New Castle News

Closer Look

January 29, 2014

Unemployment change cut off benefits for thousands

HARRISBURG — Millions of dollars in road and bridge projects are jamming the state’s construction calendar, but a trade group warns there may not be enough workers unless the Legislature corrects an unemployment reform passed in 2012.

The reform cracked down on workers who make all their money in a few months, then collect unemployment during the rest of the year.

Under the new law, workers earning more than 49.5 percent of their annual income during one three-month period are ineligible for unemployment. The previous cap was 62 percent — a limit that few people ever reached.

The change eliminated benefits for 41,000 workers, said Sara Goulet, a spokeswoman for the Pennsylvania Department of Labor and Industry.

Most of those affected didn’t realize it until they tried to collect unemployment this winter, even though the law took effect last year, said Jason Wagner, director of governmental relations for the Associated Pennsylvania Constructors, a trade group for engineers and road builders.

Now contractors wonder if those workers — whose overtime last summer put them over the threshold — will be forced to find other jobs and won’t be around when construction season starts.

“There is a big concern about retaining employees,” said Wagner, especially as the transportation bill signed last fall pours $220 million into road and bridge projects for 2014. In five years, annual spending on roads and bridges is expected to be $1.5 billion, according to the state department of transportation.

A fix to the unemployment benefit problem is headed to the Senate Labor and Industry Committee. The proposal would provide relief for workers made ineligible for unemployment because of their overtime, said Sen. John Gordner, R-Columbia County, who was prime sponsor of the original reform legislation.

That remedy will affect 2,000 to 3,000 workers and cost the unemployment pool $25 million to $30 million per year, Gordner said.

The 2012 reforms were meant to put the state’s unemployment system on stronger footing, he noted. Before the law, Pennsylvania paid the second-highest amount of benefits of any state because of its “relaxed” eligibility rules, he said. The state’s unemployment trust fund was insolvent and owed more than $3 billion to the federal unemployment trust fund, he said.

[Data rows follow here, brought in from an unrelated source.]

Theorem proposition2p2 (R : comNzRingType) (m : R -> Prop) (n : nat) :
  noetherian R -> local_with m -> krull_dim_one R -> (0 < n)%N ->
  (forall Q : R -> Prop, primary_to m Q -> has_n_generated_reduction n Q) ->
  forall I : R -> Prop, is_ideal I -> has_n_generated_reduction n I.
Proof.
move=> noethR local_m dim1 n_gt0 primary_red I idI; apply: NNPP => no_redI.
have [M [idM no_redM maxM]] :=
  noetherian_maximal noethR (F := fun X => ~ has_n_generated_reduction n X) idI no_redI.
apply: no_redM; have [M1|M1] := classic (M 1).
  exact: has_n_generated_reduction_unit.
have [m_rad|] := classic (forall x, m x -> exists k, M (x ^+ k)).
  by apply/primary_red/local_primary_to.
move=> /not_all_ex_not [x /(@imply_to_and (m x)) [mx /not_ex_all_not Mx]].
have [P [primeP MP Px]] := prime_avoiding_powers noethR idM Mx.
have Pm : subR P m.
  by case: primeP => idP P1 _; apply: (proper_ideal_sub_local noethR local_m idP P1).
have minP : minimal_prime P.
  apply: (krull_dim_one_minimal_prime dim1 primeP (maximal_ideal_prime local_m.1)).
  by split=> // /(_ x mx).
have [z [e [Pz Me_z]]] := minimal_prime_principal_disjoint noethR minP idM MP.
apply: (has_n_generated_reduction_idadd_principal idM Me_z).
apply: NNPP => no_red; apply/Pz/MP.
have idMz := idadd_is_ideal idM (principal_is_ideal z).
apply: (maxM _ idMz no_red (idadd_subl (principal_is_ideal z))).
exact: (idadd_subr idM (principal_mem z)).
Qed.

“The unemployment compensation system was set up originally to cover workers as a bridge in between different jobs,” he said. “It was never intended to be a cyclical program for seasonal workers to tap into each and every year.”

Reform had been discussed since 2007, he said, but the system’s problems weren’t resolved until 2012. With the new rules, he said, the trust fund is expected to be solvent again by 2019.

Goulet said changes preventing seasonal workers from collecting the benefits were intended to make the system fairer. “Teachers don’t collect unemployment in the summer,” Goulet noted.

But the rule devastates the road industry, in which workers log long hours throughout the summer to meet PennDOT deadlines, Wagner said. Without a solution, those workers will drift to other jobs or perhaps refuse to put in the overtime necessary to meet deadlines during the summer.

Frank Telesz, business manager of IBEW Local 712, which represents members in Beaver, Lawrence, Mercer and Crawford counties, noted that workers hope to never be laid off.

Those forced to cope with the new unemployment rule could start tallying how much they’re earning during the summer, to avoid tripping the limit later in the year.

“People are smart enough that they are going to calculate how much they can make,” Telesz said.

In addition to road workers, others affected by the change include those who work on maintenance crews and are summoned to work in power plants or factories during shutdowns. Those emergency jobs can mean running up huge amounts of overtime to get the plants back online, Telesz said.

In one union local, 240 of 450 members were ruled ineligible for unemployment because of the change.

“It’s the most bizarre thing they’ve ever done,” said Frank Sirianni, president of the Pennsylvania Building and Trades Council.